The director has said, when Daddy was making the round of film festivals, “[The characters] aren’t people your average audience member is going to necessarily connect to in the way that many more conventional narrative films will attempt to bring you along on that character’s journey and feel what they’re feeling. I don’t think, in my film, that you relate to the way they’re feeling or their decisions. It’s important to note that we can learn from observing human behavior.”
To that end, Greenstein cast his film Dedalus with both working actors and non-professionals, though the performances throughout are uniform. Still, all things being equal, it’s the source material that remains most memorable here. Alexander Horner, who had never acted professionally before, holds the camera with ease though he often may not look like he’s doing all that much. He’s more than attractive enough to be a successful hustler, though not in an overbearing Hollywood manner, and he has that unerring ability that great listening actors have: we can read his thoughts. His emotions — what he masks for the sake of his clients; what his vulnerabilities reveal when he meets an older man with whom he feels a kinship — are translucent.
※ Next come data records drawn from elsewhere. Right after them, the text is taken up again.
(* A circuit C is essential if no circuit D has exactly one element outside C.
   Every tropical basis contains the essential circuits: for C essential, the
   point equal to 1 at some e in C, to 0 on the rest of C and to 2 off C lies
   in V(D) for every circuit D other than C, since D has at least two elements
   outside C, but not in V(C).  Conversely the essential circuits form a
   tropical basis: if x attains its maximum over a circuit C only once and
   D \ C = {f}, then, the matroid being binary, the symmetric difference
   (C \ D) + f is a circuit, x attains its maximum only once on D or on it,
   and simplicity makes both strictly smaller than C.  Induction on |C| ends at
   an essential circuit. *)

Lemma F2_natr_neq0 (a : 'F_2) : a = (a != 0)%:R.
Proof. by case: a => [[|[|k]] lt_k2] //; apply/val_inj. Qed.

Lemma F2_natrD (a b : bool) : (a%:R + b%:R : 'F_2) = (a (+) b)%:R.
Proof. by case: a; case: b => //; apply/val_inj. Qed.

Section ColumnMatroid.
Variables (m n : nat) (A : 'M['F_2]_(m, n)).
Implicit Types S T C D : {set 'I_n}.

Definition indicator_cV S : 'cV['F_2]_n := \col_i (i \in S)%:R.

Lemma indicator_cVD S T :
  indicator_cV S + indicator_cV T = indicator_cV ((S :\: T) :|: (T :\: S)).
Proof.
by apply/matrixP => i j; rewrite !mxE F2_natrD !inE; case: (i \in S); case: (i \in T).
Qed.

Lemma indicator_cV_support (c : 'cV['F_2]_n) : c = indicator_cV [set i | c i 0 != 0].
Proof. by apply/matrixP => i j; rewrite !mxE inE (ord1 j) -F2_natr_neq0. Qed.

Lemma indicator_cV_eq0 S : (indicator_cV S == 0) = (S == set0).
Proof.
apply/eqP/eqP => [/matrixP S0 | ->]; last by apply/matrixP => i j; rewrite !mxE inE.
apply/setP => i; have := S0 i 0; rewrite !mxE inE.
by case: (i \in S) => //= /eqP; rewrite oner_eq0.
Qed.

Lemma col_dependentP S :
  reflect (exists T, [/\ T != set0, T \subset S & A *m indicator_cV T = 0])
          (col_dependent A S).
Proof.
apply: (iffP existsP) => [[c /and3P [c0 /forall_inP cS /eqP Ac]] | [T [T0 TS AT]]].
  exists [set i | c i 0 != 0]; rewrite -indicator_cV_eq0 -(indicator_cV_support c).
  by split=> //; apply/subsetP => i; rewrite inE => /cS.
exists (indicator_cV T); rewrite indicator_cV_eq0 T0 AT eqxx andbT /=.
apply/forall_inP => i; rewrite mxE.
by case: (boolP (i \in T)) => [/(subsetP TS) | _]; rewrite ?eqxx.
Qed.

Lemma col_dependent_kernel S :
  S != set0 -> A *m indicator_cV S = 0 -> col_dependent A S.
Proof. by move=> S0 AS; apply/col_dependentP; exists S. Qed.

Lemma col_dependentS T S : T \subset S -> col_dependent A T -> col_dependent A S.
Proof.
move=> TS /col_dependentP [U [U0 UT AU]]; apply/col_dependentP.
by exists U; split=> //; apply: subset_trans TS.
Qed.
That older man, played by one of underground New York filmmaker Hal Hartley’s leading lights, Thomas Jay Ryan, is more guarded and cautious than his young lover, though equally adept at masks.
Unlike other films you might label a triptych — The Hours, for example — the segments of the film Dedalus don’t necessarily connect to each other (that very fact is part of the overriding theme of the movie). Each section has moments that are vivid. (The gang rape, in particular, is shot in a manner that never feels exploitative or salacious; it’s dispassionate, and that makes it harder to shake.) And the very end, with the old man summing up his entire life’s regret in one sentence, is stark and tossed away and stunning.
Yet the hustler’s story is Dedalus’s heart and soul. It gives us this section of a young man’s life without judgement and shows us an array of skin in various states of bloom and decay, all of which is brought to our gaze with real consideration and contemplation. It’s where Greenstein shines the brightest, and what makes us wonder what delights this nascent filmmaker might have in store for us.